Take from the material every line that contains the word "exists".

▼▼▼

(* With [e <= q s] the norm [nv] stays within [s/2 .. 5s/2]; the choice of
   [q] then makes the right-hand side smaller than [g s^2 / 4 <= g nv^2]. *)
Lemma perturbed_square_contra (g c q d s e nv : R) :
  0 <= c -> 0 <= d -> d < q -> q <= 1 / 2 -> q * (25 + 20 * c) <= g ->
  0 < s -> 0 <= e -> e <= q * s -> s - e <= nv -> nv <= s + e ->
  g * nv ^+ 2 <= d * (s + nv) * (s + nv) + c * ((s + nv) * e + e * (s + nv)) ->
  False.
Proof.
move=> c0 d0 dq q2 hq s0 e0 es hnvl hnvu hb.
have hnv : s / 2 <= nv by nra.
have hsnv : s + nv <= 5 / 2 * s by nra.
have h1 : g * (s ^+ 2 / 4) <= g * nv ^+ 2.
  by apply: ler_wpM2l; [nra | rewrite !expr2; nra].
have h2 : d * (s + nv) * (s + nv) <= d * (25 / 4 * s ^+ 2).
  by rewrite -mulrA; apply: ler_wpM2l => //; rewrite expr2; nra.
have h3 : (s + nv) * e + e * (s + nv) <= 5 * q * s ^+ 2.
  by rewrite expr2; nra.
have s2 : 0 < s ^+ 2 by rewrite exprn_gt0.
nra.
Qed.

End Perturbation.

Section IndexBound.
Context {R : realType} {X : normedModType R[i]}.
Variables (Q S : X -> X -> R[i]) (V alpha beta W : set X) (h : R[i]).
Variables (c g d eps : R) (n : nat).
Hypotheses (beta_sub : beta `<=` V) (beta_subspace : is_subspace beta).
Hypothesis alpha_dep :
  forall a : 'I_n -> X, (forall i, alpha (a i)) -> ~ lin_indep_mod [set 0] a.
Hypothesis beta_neg :
  forall b, beta b -> complex.Re (h * Q b b) <= - (g * nrm b ^+ 2).
Hypothesis W_near : forall w, W w -> nrm w = 1 ->
  exists a b, [/\ alpha a, beta b & nrm (w - (a + b)) < eps].
Hypothesis QS_close : forall x y u v, V x -> V y -> W u -> W v ->
  cabs (Q x y - S u v) <= d * (nrm u + nrm x) * (nrm v + nrm y)
    + c * ((nrm u + nrm x) * nrm (v - y) + nrm (u - x) * (nrm v + nrm y)).

(* A nontrivial relation among the [alpha]-components of [z] turns the same
   combination of [z] into a vector close to [beta]. *)
Lemma riesz_family_near_beta (z : nat -> X) :
  riesz_family n z -> (forall i, (i < n)%N -> W (z i)) ->
  exists (t : nat -> R[i]) vv, [/\ 0 < \sum_(i < n) cabs (t i), beta vv &
    nrm (lincomb n t z - vv) <= eps * \sum_(i < n) cabs (t i)].
Proof.
move=> hr hzW.
have hab i : exists ab : X * X, (i < n)%N ->
    [/\ alpha ab.1, beta ab.2 & nrm (z i - (ab.1 + ab.2)) < eps].
  have [hi|_] := ltnP i n; last by exists (0, 0).
  have [a [b hab]] := W_near (hzW i hi) (hr i hi).1.
  by exists (a, b).
have [ab habP] := choice hab.
pose a i := (ab i).1; pose b i := (ab i).2.
have [tau [htau [i0 hi0]]] : exists tau : 'I_n -> R[i],
    \sum_(i < n) tau i *: a i = 0 /\ exists i, tau i != 0.
  apply: lin_dep_relation; apply: alpha_dep => i.
  by have [] := habP i (ltn_ord i).
pose t k := oapp tau 0 (insub k : option 'I_n).
have tE (i : 'I_n) : t i = tau i by rewrite /t valK.
exists t, (lincomb n t b); split.
- apply: lt_le_trans (cabs_le_sum t (ltn_ord i0)).
  by rewrite tE cabs_gt0.
- apply: subsp_sum => // i _; apply: subspZ => //.
  by have [] := habP i (ltn_ord i).
- have hta : lincomb n t a = 0.
    by rewrite -htau; apply: eq_bigr => i _; rewrite tE.
  have -> : lincomb n t z - lincomb n t b =
      lincomb n t (fun i => z i - (a i + b i)).
    rewrite -[LHS]subr0 -hta /lincomb -!sumrB; apply: eq_bigr => i _.
    by rewrite scalerBr scalerDr opprD addrA [LHS]addrAC.
  apply: le_trans (nrm_lincomb _ _ _) _; rewrite mulr_sumr.
  apply: ler_sum => i _; rewrite mulrC ler_wpM2r ?cabs_ge0 //.
  by have [_ _ /ltW] := habP i (ltn_ord i).
Qed.

Lemma riesz_family_not_nonneg (Z : set X) (z : nat -> X) :
  0 <= c -> 0 < g -> 0 <= d -> d < eps ->
  eps = g / (3 ^+ n * (2 * g + 25 + 20 * c)) -> cabs h = 1 ->
  is_subspace Z -> Z `<=` W -> (forall y, Z y -> 0 <= complex.Re (h * S y y)) ->
  riesz_family n z -> (forall i, (i < n)%N -> Z (z i)) -> False.
Proof.
move=> c0 g0 d0 deps heps h1 hZ hZW hZpos hr hzZ.
have [t [vv [T0 bvv hvv]]] :=
  riesz_family_near_beta hr (fun i hi => hZW _ (hzZ i hi)).
set zz := lincomb n t z in hvv; set T := \sum_(i < n) _ in T0 hvv.
have Zzz : Z zz by apply: subsp_sum => // i _; apply: subspZ => //; apply: hzZ.
have TK : T <= 3 ^+ n * nrm zz.
  apply: le_trans (riesz_family_coef_bound hr t) _.
  by rewrite ler_wpM2r ?nrm_ge0 // gerBl.
(* The choice of [eps] makes [q = eps 3^n] at most [1/2] and at most
   [g / (25 + 20 c)]. *)
set L := 2 * g + 25 + 20 * c; set q := g / L.
have L0 : 0 < L by rewrite /L; nra.
have K1 : 1 <= 3 ^+ n :> R by rewrite exprn_ege1 // ler1n.
have s0 : 0 < nrm zz.
  rewrite lt_def nrm_ge0 andbT.
  by apply: contraTneq TK => ->; rewrite mulr0 -ltNge.
have hq : eps * 3 ^+ n = q.
  rewrite heps /q -/L; field.
  by rewrite !gt_eqF // (lt_le_trans ltr01 K1).
have dq : d < q by rewrite -hq; nra.
have q2 : q <= 1 / 2 by rewrite /q ler_pdivrMr // /L; nra.
have qg : q * (25 + 20 * c) <= g.
  by rewrite /q mulrAC ler_pdivrMr // /L; nra.
apply: (@perturbed_square_contra _ g c q d (nrm zz) (nrm (zz - vv)) (nrm vv))
  => //.
- exact: nrm_ge0.
- apply: le_trans hvv _; rewrite -hq -mulrA ler_wpM2l //; nra.
- by have := nrm_subl vv zz; rewrite nrmB; lra.
- by have := nrm_subl zz vv; lra.
- have := QS_close (beta_sub bvv) (beta_sub bvv) (hZW _ Zzz) (hZW _ Zzz).
  apply: le_trans.
  apply: le_trans
    (_ : complex.Re (h * S zz zz) - complex.Re (h * Q vv vv) <= _).
    by have := hZpos _ Zzz; have := beta_neg bvv; lra.
  rewrite -ReB -mulrBr (le_trans (Re_le_cabs _)) //.
  by rewrite cabsM h1 mul1r cabsB.
Qed.

End IndexBound.

Section Forms.
Context {R : realType} {X : normedModType R[i]}.
Implicit Types (Q : X -> X -> R[i]) (V beta : set X) (h : R[i]).

Lemma bsp_form0l Q V z : bounded_symmetric_pair Q V -> V z -> Q 0 z = 0.
Proof.
case=> [[hV _] hQl _ _ _] Vz.
have := hQl 1 0 0 z (subsp0 hV) (subsp0 hV) Vz.
rewrite scale1r addr0 mul1r => /(congr1 (fun w => w - Q 0 z)).
by rewrite subrr addrK.
Qed.

Lemma radical_subspace Q V :
  bounded_symmetric_pair Q V -> is_subspace (radical Q V).
Proof.
move=> hQ; have [[hV _] hQl _ _ _] := hQ.
split; first by split=> [|v Vv]; [apply: subsp0 | apply: bsp_form0l hQ Vv].
move=> a x y [Vx hx] [Vy hy]; split; first by case: hV => _; apply.
by move=> v Vv; rewrite hQl // hx // hy // mulr0 addr0.
Qed.

Lemma neg_def_radical Q V beta h : bounded_symmetric_pair Q V ->
  beta `<=` V -> is_subspace beta -> neg_def h Q beta ->
  radical Q beta = [set 0].
Proof.
move=> hQ hbV hb hneg; apply/seteqP; split => x.
- move=> [bx hx]; apply: contrapT => /eqP x0.
  by have := hneg x bx x0; rewrite hx // mulr0 ltxx.
- move=> ->; split=> [|v bv]; first exact: subsp0.
  exact: bsp_form0l hQ (hbV _ bv).
Qed.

▲▲▲

**RESPONSE**:
  exists a b, [/\ alpha a, beta b & nrm (w - (a + b)) < eps].
  exists (t : nat -> R[i]) vv, [/\ 0 < \sum_(i < n) cabs (t i), beta vv &
have hab i : exists ab : X * X, (i < n)%N ->
  have [hi|_] := ltnP i n; last by exists (0, 0).
  by exists (a, b).
have [tau [htau [i0 hi0]]] : exists tau : 'I_n -> R[i],
    \sum_(i < n) tau i *: a i = 0 /\ exists i, tau i != 0.
exists t, (lincomb n t b); split.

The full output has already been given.